*Prompt:* Your task is to copy the lines of the data below from the line holding "(** Outer-probability bound: the" through the line holding "Definition cvg_prob (Z", inclusive, exactly and with nothing added.

[Dataset excerpts]
(* Consider the model $y_{it}=x_{it}'\theta^0_{k_i^0}+\varepsilon_{it}$ described in the context and suppose Assumptions 1 and 2 (stated in the context) hold. Then for $\eta>0$ small enough and for all $\delta>0$, $$\sup_{\boldsymbol\theta\in\mathcal N_\eta}\frac1N\sum_{i=1}^N1\{\widehat k_i^{(K^0)}(\boldsymbol\theta)\neq k_i^0\}=o_p(T^{-\delta})$$ as $N,T\to\infty$.
   Context: Model: $y_{it}=x_{it}'\theta^0_{k_i^0}+\varepsilon_{it}$, $i\le N$, $t\le T$, random $x_{it}\in\mathbb{R}^p$, random $\varepsilon_{it}$, nonrandom $k_i^0\in[K^0]$, $\theta^0_k\in\Theta$, $G_k^0=\{i:k_i^0=k\}$, $N_k^0=|G_k^0|$. For $\boldsymbol\theta=(\theta_1,\dots,\theta_{K^0})$, $\widehat k_i^{(K^0)}(\boldsymbol\theta)=\arg\min_{k\in[K^0]}\sum_t(y_{it}-x_{it}'\theta_k)^2$. For $\eta>0$, $\mathcal N_\eta=\{\boldsymbol\theta\in\Theta^{K^0}:\|\theta_k-\theta_k^0\|^2<\eta\ \forall k\in[K^0]\}$. Assumption 1: $K^0$ fixed; $N_k^0=\tau_kN^{\alpha_k}$, $\tau_k$ bounded away from $0,\infty$, $\alpha_k\in[0,1]$, $N_k^0\ge1$, $\sum_kN_k^0=N$, $1=\alpha_1=\dots=\alpha_m>\alpha_{m+1}\ge\dots\ge\alpha_{K^0}\ge0$ for some $m\in[K^0-1]$. Assumption 2: constants $M,c>0$ with (a) $\Theta$ compact; (b) $E\|x_{it}\|^4\le M$; (c) $E\varepsilon_{it}=0$, $E\varepsilon_{it}^4\le M$; (d) $(NT)^{-1/2}\sum_{i,t}x_{it}\varepsilon_{it}=O_p(1)$; (e) with $\rho_{NT}(\boldsymbol\gamma_N,k,\tilde k)$ the minimum eigenvalue of $(N_k^0)^{-1}\sum_i1\{k_i^0=k\}1\{k_i=\tilde k\}T^{-1}\sum_tx_{it}x_{it}'$, some $\widehat\rho_{NT}\xrightarrow{p}\rho>0$ satisfies $\min_{\boldsymbol\gamma_N\in[K^0]^N}\max_{\tilde k}\rho_{NT}(\boldsymbol\gamma_N,k,\tilde k)\ge\widehat\rho_{NT}$ for all $k$, large $T$; (f) $\lambda_{\min}(T^{-1}\sum_tx_{it}x_{it}')\ge\widehat c_T$ for all $i$, large $T$, $\lim\widehat c_T>c$; (g) if $\alpha_{K^0}\ge1/2$, $N/T^\nu\to0$ for some $\nu>0$; if $\alpha_{K^0}<1/2$, $N^{1-2\alpha_{K^0}}/T\to0$; (h) $\|\theta^0_k-\theta^0_{\tilde k}\|>c$ for $k\ne\tilde k$; (i) $\sup_iP(T^{-1}\sum_t\|x_{it}\|^2\ge M)=o(T^{-\delta})$ for all $\delta>0$; (j) for each $\epsilon>0$, $\sup_iP(\|T^{-1}\sum_tx_{it}\varepsilon_{it}\|\ge\epsilon)=o(T^{-\delta})$ for all $\delta>0$; (k) $(NT)^{-1}\sum_{i,t}\varepsilon^2_{it}\xrightarrow{p}\sigma^2>0$. *)

From mathcomp Require Import all_boot all_order all_algebra.
From mathcomp Require Import all_classical all_reals all_analysis.
Import Order.TTheory GRing.Theory Num.Theory numFieldNormedType.Exports.

Set Implicit Arguments.
Unset Strict Implicit.
Unset Printing Implicit Defensive.

Local Open Scope classical_set_scope.
Local Open Scope ring_scope.

Section Defs.
Variable R : realType.

Definition inner (p : nat) (a b : 'rV[R]_p) : R := \sum_(j < p) a 0 j * b 0 j.

Definition sqnorm (p : nat) (a : 'rV[R]_p) : R := \sum_(j < p) (a 0 j) ^+ 2.

Definition enorm (p : nat) (a : 'rV[R]_p) : R := Num.sqrt (sqnorm a).

Definition outer (p : nat) (a : 'rV[R]_p) : 'M[R]_p := a^T *m a.

(** "lambda_min(A) >= c" : every (real) eigenvalue of the (symmetric) matrix
    A is at least c, i.e. the minimum eigenvalue of A is >= c. *)
Definition lambda_min_ge (p : nat) (A : 'M[R]_p) (c : R) : Prop :=
  forall a : R, eigenvalue A a -> c <= a.

Definition nat_to_infty (u : nat -> nat) : Prop :=
  forall B : nat, \forall n \near \oo, (B <= u n)%N.

Variables (d : measure_display) (Omega : measurableType d)
          (P : probability Omega R).

(** Outer-probability bound: the (possibly non-measurable) set S is contained
    in a measurable event of probability at most r.  For measurable S this is
    just P S <= r. *)
Definition outer_prob_le (S : set Omega) (r : R) : Prop :=
  exists A : set Omega, [/\ measurable A, S `<=` A & (P A <= r%:E)%E].

(** Z_n = o_p(1)  (convergence in (outer) probability to 0):
    for all e, r > 0, eventually P*(|Z_n| > e) <= r. *)
Definition op1 (Z : nat -> Omega -> R) : Prop :=
  forall e r : R, 0 < e -> 0 < r ->
    \forall n \near \oo, outer_prob_le [set w | e < `|Z n w|] r.

Definition cvg_prob (Z : nat -> Omega -> R) (z : R) : Prop :=
  op1 (fun n w => Z n w - z).

Definition Op1 (Z : nat -> Omega -> R) : Prop :=
  forall r : R, 0 < r -> exists B : R,
    \forall n \near \oo, outer_prob_le [set w | B < `|Z n w|] r.

End Defs.

Section Model.
Variable R : realType.
Variables (d : measure_display) (Omega : measurableType d).
Variables (p K : nat) (N T : nat -> nat).

Definition group_size (k0 : forall n, 'I_(N n) -> 'I_K) (n : nat) (k : 'I_K) : nat :=
  #|[set i | k0 n i == k]|.

Definition yval (theta0 : 'I_K -> 'rV[R]_p)
  (k0 : forall n, 'I_(N n) -> 'I_K)
  (x : forall n, Omega -> 'I_(N n) -> 'I_(T n) -> 'rV[R]_p)
  (eps : forall n, Omega -> 'I_(N n) -> 'I_(T n) -> R)
  (n : nat) (w : Omega) (i : 'I_(N n)) (t : 'I_(T n)) : R :=
  inner (x n w i t) (theta0 (k0 n i)) + eps n w i t.

(** hat k_i^{(K^0)}(theta) = argmin_k sum_t (y_it - x_it' theta_k)^2
    (ties broken towards the smallest group index). *)
Definition hatk (theta0 : 'I_K -> 'rV[R]_p)
  (k0 : forall n, 'I_(N n) -> 'I_K)
  (x : forall n, Omega -> 'I_(N n) -> 'I_(T n) -> 'rV[R]_p)
  (eps : forall n, Omega -> 'I_(N n) -> 'I_(T n) -> R)
  (n : nat) (w : Omega) (theta : 'I_K -> 'rV[R]_p) (i : 'I_(N n)) : 'I_K :=
  Order.arg_min (k0 n i) xpredT
    (fun k : 'I_K => \sum_(t < T n)
        (yval theta0 k0 x eps w i t - inner (x n w i t) (theta k)) ^+ 2).

Definition misclass_frac (theta0 : 'I_K -> 'rV[R]_p)
  (k0 : forall n, 'I_(N n) -> 'I_K)
  (x : forall n, Omega -> 'I_(N n) -> 'I_(T n) -> 'rV[R]_p)
  (eps : forall n, Omega -> 'I_(N n) -> 'I_(T n) -> R)
  (n : nat) (w : Omega) (theta : 'I_K -> 'rV[R]_p) : R :=
  (N n)%:R^-1 *
    \sum_(i < N n) (hatk theta0 k0 x eps w theta i != k0 n i)%:R.

Definition nbhd_eta (Theta : set 'rV[R]_p) (theta0 : 'I_K -> 'rV[R]_p)
  (eta : R) (theta : 'I_K -> 'rV[R]_p) : Prop :=
  (forall k, Theta (theta k)) /\ (forall k, sqnorm (theta k - theta0 k) < eta).

(** matrix of Assumption 2(e):
    (N_k^0)^{-1} sum_i 1{k_i^0 = k} 1{gamma_i = kt} T^{-1} sum_t x_it x_it' *)
Definition rho_mat (k0 : forall n, 'I_(N n) -> 'I_K)
  (x : forall n, Omega -> 'I_(N n) -> 'I_(T n) -> 'rV[R]_p)
  (n : nat) (w : Omega) (gamma : 'I_(N n) -> 'I_K) (k kt : 'I_K) : 'M[R]_p :=
  (group_size k0 n k)%:R^-1 *:
    \sum_(i < N n | (k0 n i == k) && (gamma i == kt))
       ((T n)%:R^-1 *: \sum_(t < T n) outer (x n w i t)).

End Model.

(* Fix theta in N_eta and a unit i of true group g.  Its least-squares criterion at theta_k
   is sum_t eps_it^2 + T (2 <s_i, b> + b' G_i b) with b = theta0_g - theta_k, G_i the sample
   Gram matrix and s_i = T^-1 sum_t eps_it x_it.  If lambda_min(G_i) >= c,
   T^-1 sum_t |x_it|^2 < M and |s_i| < c^2/8, the separation |theta0_k - theta0_l| > c makes
   k = g the unique minimiser once eta < c^3 / (8 (c + M)).  So the misclassification
   frequency is exactly 0, whatever the factor T^delta, outside 2N exceptional events, each of
   probability o(T^-nu) by Assumptions 2(i),(j); as N <= T^nu by Assumption 2(g), a union
   bound concludes. *)

From Pilot Require Import Defs.
From mathcomp Require Import all_boot all_order all_algebra.
From mathcomp Require Import all_classical all_reals all_analysis.
From mathcomp Require Import ring lra zify.
Import Order.TTheory GRing.Theory Num.Theory numFieldNormedType.Exports.
Local Open Scope classical_set_scope.
Local Open Scope ring_scope.

Set Implicit Arguments.
Unset Strict Implicit.
Unset Printing Implicit Defensive.

Section Euclidean.
Variables (R : realType) (p : nat).
Implicit Types (a b u : 'rV[R]_p) (l : R).

Lemma innerE a b : inner a b = (a *m b^T) 0 0.
Proof. by rewrite mxE; apply: eq_bigr => j _; rewrite mxE. Qed.

Lemma innerC a b : inner a b = inner b a.
Proof. by apply: eq_bigr => j _; rewrite mulrC. Qed.

Lemma innerDl a b u : inner (a + b) u = inner a u + inner b u.
Proof. by rewrite /inner -big_split; apply: eq_bigr => j _; rewrite mxE mulrDl. Qed.

Lemma innerZl l a u : inner (l *: a) u = l * inner a u.
Proof. by rewrite /inner mulr_sumr; apply: eq_bigr => j _; rewrite mxE mulrA. Qed.

Lemma innerBl a b u : inner (a - b) u = inner a u - inner b u.
Proof. by rewrite innerDl -scaleN1r innerZl mulN1r. Qed.

Lemma innerDr a b u : inner u (a + b) = inner u a + inner u b.
Proof. by rewrite !(innerC u) innerDl. Qed.

Lemma innerZr l a u : inner u (l *: a) = l * inner u a.
Proof. by rewrite !(innerC u) innerZl. Qed.

Lemma innerBr a b u : inner u (a - b) = inner u a - inner u b.
Proof. by rewrite !(innerC u) innerBl. Qed.

Lemma inner_suml (I : finType) (f : I -> 'rV[R]_p) u :
  inner (\sum_i f i) u = \sum_i inner (f i) u.
Proof. by rewrite innerE mulmx_suml summxE; apply: eq_bigr => i _; rewrite innerE. Qed.

Lemma sqnormE a : sqnorm a = inner a a.
Proof. by apply: eq_bigr => j _; rewrite expr2. Qed.

Lemma sqnorm_ge0 a : 0 <= sqnorm a.
Proof. by apply: sumr_ge0 => j _; rewrite sqr_ge0. Qed.

Lemma sqnormD a b : sqnorm (a + b) = sqnorm a + 2 * inner a b + sqnorm b.
Proof. by rewrite !sqnormE !innerDl !innerDr (innerC b a); ring. Qed.

Lemma sqnormB a b : sqnorm (a - b) = sqnorm a - 2 * inner a b + sqnorm b.
Proof. by rewrite !sqnormE !innerBl !innerBr (innerC b a); ring. Qed.

Lemma sqnormZ l a : sqnorm (l *: a) = l ^+ 2 * sqnorm a.
Proof. by rewrite !sqnormE innerZl innerZr mulrA expr2. Qed.

Lemma sqnormN a : sqnorm (- a) = sqnorm a.
Proof. by rewrite -scaleN1r sqnormZ sqrrN expr1n mul1r. Qed.

Lemma sqnormD_le a b : sqnorm (a + b) <= 2 * sqnorm a + 2 * sqnorm b.
Proof. by have := sqnorm_ge0 (a - b); rewrite sqnormB sqnormD; lra. Qed.

Lemma coord_sqr_le_sqnorm a j : a 0 j ^+ 2 <= sqnorm a.
Proof. by rewrite /sqnorm (bigD1 j) //= lerDl sumr_ge0 // => k _; rewrite sqr_ge0. Qed.

Lemma sqnorm_eq0 a : (sqnorm a == 0) = (a == 0).
Proof.
apply/eqP/eqP => [a0|->]; last by rewrite sqnormE /inner big1 // => j _; rewrite mxE mul0r.
apply/rowP => j; rewrite mxE; apply/eqP; rewrite -sqrf_eq0 eq_le sqr_ge0 andbT -a0.
exact: coord_sqr_le_sqnorm.
Qed.

Lemma enorm_ltE a l : 0 <= l -> (enorm a < l) = (sqnorm a < l ^+ 2).
Proof.
by move=> l_ge0; rewrite -[in RHS](sqr_sqrtr (sqnorm_ge0 a)) ltr_pXn2r ?nnegrE ?sqrtr_ge0.
Qed.

Lemma enorm_gtE a l : 0 <= l -> (l < enorm a) = (l ^+ 2 < sqnorm a).
Proof.
by move=> l_ge0; rewrite -[in RHS](sqr_sqrtr (sqnorm_ge0 a)) ltr_pXn2r ?nnegrE ?sqrtr_ge0.
Qed.

Lemma inner_le_young a b l : l * (2 * inner a b) <= sqnorm a + l ^+ 2 * sqnorm b.
Proof. by have := sqnorm_ge0 (a - l *: b); rewrite sqnormB sqnormZ innerZr; lra. Qed.

Lemma cauchy_schwarz a b : inner a b ^+ 2 <= sqnorm a * sqnorm b.
Proof.
have [b0|b_neq0] := eqVneq b 0.
  have -> : inner a b = 0 by rewrite b0 /inner big1 // => j _; rewrite mxE mulr0.
  by rewrite expr0n mulr_ge0 ?sqnorm_ge0.
have b_gt0 : 0 < sqnorm b by rewrite lt0r sqnorm_eq0 b_neq0 sqnorm_ge0.
have := inner_le_young a b (inner a b / sqnorm b).
rewrite -(ler_pM2r b_gt0); set q := inner a b => h.
have -> : q ^+ 2 = q / sqnorm b * (2 * q) * sqnorm b
                   - (q / sqnorm b) ^+ 2 * sqnorm b * sqnorm b.
  by field; rewrite gt_eqF.
rewrite mulrC; lra.
Qed.

End Euclidean.

Section QuadraticForm.
Variables (R : realType) (p : nat).
Implicit Types (A B : 'M[R]_p) (u v : 'rV[R]_p) (l : R).

Definition bform A u v : R := (u *m A *m v^T) 0 0.

Lemma bformE A u v : bform A u v = \sum_i \sum_j u 0 i * A i j * v 0 j.
Proof.
rewrite /bform mxE [RHS]exchange_big; apply: eq_bigr => j _.
rewrite [X in X * _]mxE [X in _ * X]mxE mulr_suml.
by apply: eq_bigr => i _.
Qed.

Lemma bformDl A u v w : bform A (u + v) w = bform A u w + bform A v w.
Proof. by rewrite /bform !mulmxDl mxE. Qed.

Lemma bformZl A l u w : bform A (l *: u) w = l * bform A u w.
Proof. by rewrite /bform -!scalemxAl mxE. Qed.

Lemma bformDr A u v w : bform A w (u + v) = bform A w u + bform A w v.
Proof. by rewrite /bform linearD /= mulmxDr mxE. Qed.

Lemma bformZr A l u w : bform A w (l *: u) = l * bform A w u.
Proof. by rewrite /bform linearZ /= -scalemxAr mxE. Qed.

Lemma bformMB A B u v : bform (A - B) u v = bform A u v - bform B u v.
Proof. by rewrite /bform mulmxBr mulmxBl !mxE. Qed.

Lemma bformMZ A l u v : bform (l *: A) u v = l * bform A u v.
Proof. by rewrite /bform -scalemxAr -scalemxAl mxE. Qed.

Lemma bform_sum (I : finType) (F : I -> 'M[R]_p) u v :
  bform (\sum_i F i) u v = \sum_i bform (F i) u v.
Proof. by rewrite /bform mulmx_sumr mulmx_suml summxE. Qed.

Lemma bform_scalar l u v : bform l%:M u v = l * inner u v.
Proof. by rewrite /bform mul_mx_scalar -scalemxAl mxE innerE. Qed.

*Response area:*
(** Outer-probability bound: the (possibly non-measurable) set S is contained
    in a measurable event of probability at most r.  For measurable S this is
    just P S <= r. *)
Definition outer_prob_le (S : set Omega) (r : R) : Prop :=
  exists A : set Omega, [/\ measurable A, S `<=` A & (P A <= r%:E)%E].

(** Z_n = o_p(1)  (convergence in (outer) probability to 0):
    for all e, r > 0, eventually P*(|Z_n| > e) <= r. *)
Definition op1 (Z : nat -> Omega -> R) : Prop :=
  forall e r : R, 0 < e -> 0 < r ->
    \forall n \near \oo, outer_prob_le [set w | e < `|Z n w|] r.

Definition cvg_prob (Z : nat -> Omega -> R) (z : R) : Prop :=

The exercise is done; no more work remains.